And it has already happened, with alarming frequency. According to NASA, an average of one cataloged piece of debris fell back to Earth every day during the last 50 years. Most of this lands harmlessly in oceans or remote areas — NASA says that “no serious injury or significant property damage” has been confirmed — but a January study published in Science noted that the risks are growing with an increasingly crowded orbit.

A 2022 study published in Nature Astronomy put the danger in starker terms, noting that there’s a 10% chance that someone is killed by space debris over a decade. It also cautioned that this is a conservative estimate given the acceleration of rocket launches.

Last year alone, space junk fell on a mine in Australia, on a farm in Argentina, in the Algerian desert, near a school in Argentina and at a warehouse in Poland. In 2024, fragments from a SpaceX rocket landed 40 miles apart in North Carolina. One 15-inch piece landed on a man’s roof while he was home watching TV.  

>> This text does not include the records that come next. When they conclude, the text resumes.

Lemma trans_PSeries A t i j : (j < N)%nat -> trans N A t i j = PSeries (exp_coef A i j) t.
Proof.
  intros Hj. pose proof (is_series_exp_coef A t i j Hj) as H.
  assert (Ht : is_series (fun n => t ^ n / INR (fact n) * matpow N A n i j) (trans N A t i j)).
  { apply is_series_Reals. unfold trans. apply epsilon_spec.
    exists (PSeries (exp_coef A i j) t). now apply is_series_Reals. }
  exact (filterlim_locally_unique _ _ _ Ht H).
Qed.

Lemma is_series_trans A t i j : (j < N)%nat ->
  is_series (fun n => t ^ n / INR (fact n) * matpow N A n i j) (trans N A t i j).
Proof. intros Hj. rewrite trans_PSeries by auto. now apply is_series_exp_coef. Qed.

Lemma trans_continuous A i j t : (j < N)%nat -> continuous (fun s => trans N A s i j) t.
Proof.
  intros Hj. apply (continuous_ext (PSeries (exp_coef A i j))).
  - intros s. now rewrite trans_PSeries.
  - apply continuity_pt_filterlim, PSeries_continuity, CV_radius_exp_coef; auto.
Qed.

Lemma trans_0 A i j : (j < N)%nat -> trans N A 0 i j = kdelta i j.
Proof.
  intros Hj. rewrite trans_PSeries, PSeries_0 by auto. unfold exp_coef. simpl. unfold kdelta. field.
Qed.

Lemma is_derive_trans_0 A i j : (i < N)%nat -> (j < N)%nat ->
  is_derive (fun s => trans N A s i j) 0 (A i j).
Proof.
  intros Hi Hj. apply (is_derive_ext (PSeries (exp_coef A i j))).
  { intros s. now rewrite trans_PSeries. }
  replace (A i j) with (PSeries (PS_derive (exp_coef A i j)) 0).
  - apply is_derive_PSeries, CV_radius_exp_coef; auto.
  - rewrite PSeries_0. unfold PS_derive, exp_coef. simpl. unfold matmul.
    rewrite (sumR_ext _ _ (fun k => kdelta i k * A k j)) by (intros; unfold kdelta; ring).
    rewrite sumR_kdelta_l by auto. field.
Qed.

Lemma ex_series_abs_exp_coef A s i k : (k < N)%nat ->
  ex_series (fun m => Rabs (s ^ m / INR (fact m) * matpow N A m i k)).
Proof.
  intros Hk.
  apply (ex_series_le (V := R_CompleteNormedModule) _
           (fun m => (mat_norm N A * Rabs s) ^ m / INR (fact m))).
  - intros n. change (norm (Rabs ?x)) with (Rabs (Rabs x)). rewrite Rabs_Rabsolu.
    replace (s ^ n / INR (fact n) * matpow N A n i k) with (exp_coef A i k n * s ^ n)
      by (unfold exp_coef, Rdiv; ring).
    now apply exp_coef_term_bound.
  - eexists. apply is_series_exp.
Qed.

Lemma is_series_trans_matmul A B s t i j : (j < N)%nat ->
  is_series (fun n => sum_f_R0 (fun m => (s ^ m / INR (fact m)) * (t ^ (n - m) / INR (fact (n - m)))
       * matmul N (matpow N A m) (matpow N B (n - m)) i j) n)
    (sumR N (fun k => trans N A s i k * trans N B t k j)).
Proof.
  intros Hj.
  assert (H : forall k, (k < N)%nat -> is_series
    (fun n => sum_f_R0 (fun m => (s ^ m / INR (fact m) * matpow N A m i k) *
                                 (t ^ (n - m) / INR (fact (n - m)) * matpow N B (n - m) k j)) n)
    (trans N A s i k * trans N B t k j)).
  { intros k Hk.
    apply (is_series_mult (fun m => s ^ m / INR (fact m) * matpow N A m i k)
                          (fun m => t ^ m / INR (fact m) * matpow N B m k j));
      auto using is_series_trans, ex_series_abs_exp_coef. }
  generalize (is_series_sumR N _ _ H). apply is_series_ext_R. intros n.
  rewrite (sumR_ext N _ (fun k => sumR (S n) (fun m => (s ^ m / INR (fact m) * matpow N A m i k) *
             (t ^ (n - m) / INR (fact (n - m)) * matpow N B (n - m) k j))))
    by (intros; apply sum_f_R0_sumR).
  rewrite sumR_swap, sum_f_R0_sumR. apply sumR_ext. intros m _.
  unfold matmul. rewrite <- sumR_scal_l. apply sumR_ext. intros; ring.
Qed.

Lemma exp_coef_binom n m s t : (m <= n)%nat ->
  s ^ m / INR (fact m) * (t ^ (n - m) / INR (fact (n - m)))
  = binom n m * s ^ m * t ^ (n - m) / INR (fact n).
Proof.
  intros Hm. unfold Binomial.C.
  assert (INR (fact m) <> 0) by apply INR_fact_neq_0.
  assert (INR (fact (n - m)) <> 0) by apply INR_fact_neq_0.
  assert (INR (fact n) <> 0) by apply INR_fact_neq_0.
  field. auto.
Qed.

Lemma trans_add A s t i j : (j < N)%nat ->
  trans N A (s + t) i j = sumR N (fun k => trans N A s i k * trans N A t k j).
Proof.
  intros Hj.
  apply (filterlim_locally_unique (sum_n _) _ _ (is_series_trans A (s + t) i j Hj)).
  generalize (is_series_trans_matmul A A s t i j Hj). apply is_series_ext_R. intros n.
  rewrite binomial, !sum_f_R0_sumR.
  rewrite (sumR_ext _ _
             (fun m => (binom n m * s ^ m * t ^ (n - m)) * (matpow N A n i j / INR (fact n)))).
  - rewrite sumR_scal_r. unfold Rdiv. ring.
  - intros m Hm. rewrite matpow_add, exp_coef_binom by lia.
    replace (m + (n - m))%nat with n by lia. unfold Rdiv. ring.
Qed.

Lemma trans_scalar c t k j : (j < N)%nat -> trans N (scalar_mx c) t k j = exp (c * t) * kdelta k j.
Proof.
  intros Hj.
  apply (filterlim_locally_unique (sum_n _) _ _ (is_series_trans (scalar_mx c) t k j Hj)).
  rewrite Rmult_comm.
  apply (is_series_ext_R (fun n => kdelta k j * ((c * t) ^ n / INR (fact n)))).
  - intros n. rewrite matpow_scalar by auto. unfold scalar_mx. rewrite Rpow_mult_distr.
    unfold Rdiv. ring.
  - exact (is_series_scal_l (kdelta k j) _ _ (is_series_exp (c * t))).
Qed.

Lemma trans_add_scalar A c t i j : (j < N)%nat ->
  trans N (fun k l => A k l + scalar_mx c k l) t i j = exp (c * t) * trans N A t i j.
Proof.
  intros Hj.
  apply (filterlim_locally_unique (sum_n _) _ _ (is_series_trans _ t i j Hj)).
  replace (exp (c * t) * trans N A t i j)
    with (sumR N (fun k => trans N A t i k * trans N (scalar_mx c) t k j)).
  - generalize (is_series_trans_matmul A (scalar_mx c) t t i j Hj). apply is_series_ext_R. intros n.
    rewrite matpow_add_scalar, sum_f_R0_sumR, <- sumR_scal_l by auto.
    apply sumR_ext. intros m Hm. rewrite exp_coef_binom by lia.
    unfold matmul. rewrite (sumR_ext _ _ (fun k => (c ^ (n - m)) * (matpow N A m i k * kdelta k j)))
      by (intros; rewrite matpow_scalar by auto; unfold scalar_mx; ring).
    rewrite sumR_scal_l, sumR_kdelta_r by auto.
    replace (t ^ n) with (t ^ m * t ^ (n - m)) by (rewrite <- pow_add; f_equal; lia).
    unfold Rdiv. ring.
  - rewrite (sumR_ext _ _ (fun k => (exp (c * t) * trans N A t i k) * kdelta k j)).
    + now rewrite sumR_kdelta_r.
    + intros k _. rewrite trans_scalar by auto. ring.
Qed.

End MatrixExponential.

Section Generators.
Variables (N : nat) (Q : nat -> nat -> R).

Definition is_generator : Prop := forall k, (k < N)%nat -> inE N k (row Q k).

Hypothesis HQ : is_generator.

Lemma generator_row_sum k : (k < N)%nat -> sumR N (fun j => Q k j) = 0.
Proof.
  intros Hk. destruct (HQ k Hk) as [_ [Hdiag _]]. unfold row in Hdiag.
  rewrite (sumR_split N _ k Hk), Hdiag. lra.
Qed.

“It’s fairly difficult to always have a controlled re-entry. As I like to say, we want to have a splash, not a thud,” says McKnight. 

In other words, operators should aim to deorbit satellites “over the open ocean, away from populated islands and heavily trafficked airline and maritime routes.” Debris from rocket launches is necessarily closer to civilization. NASA guidelines for debris re-entry say the risk of a human casualty should be less than 1 in 10,000.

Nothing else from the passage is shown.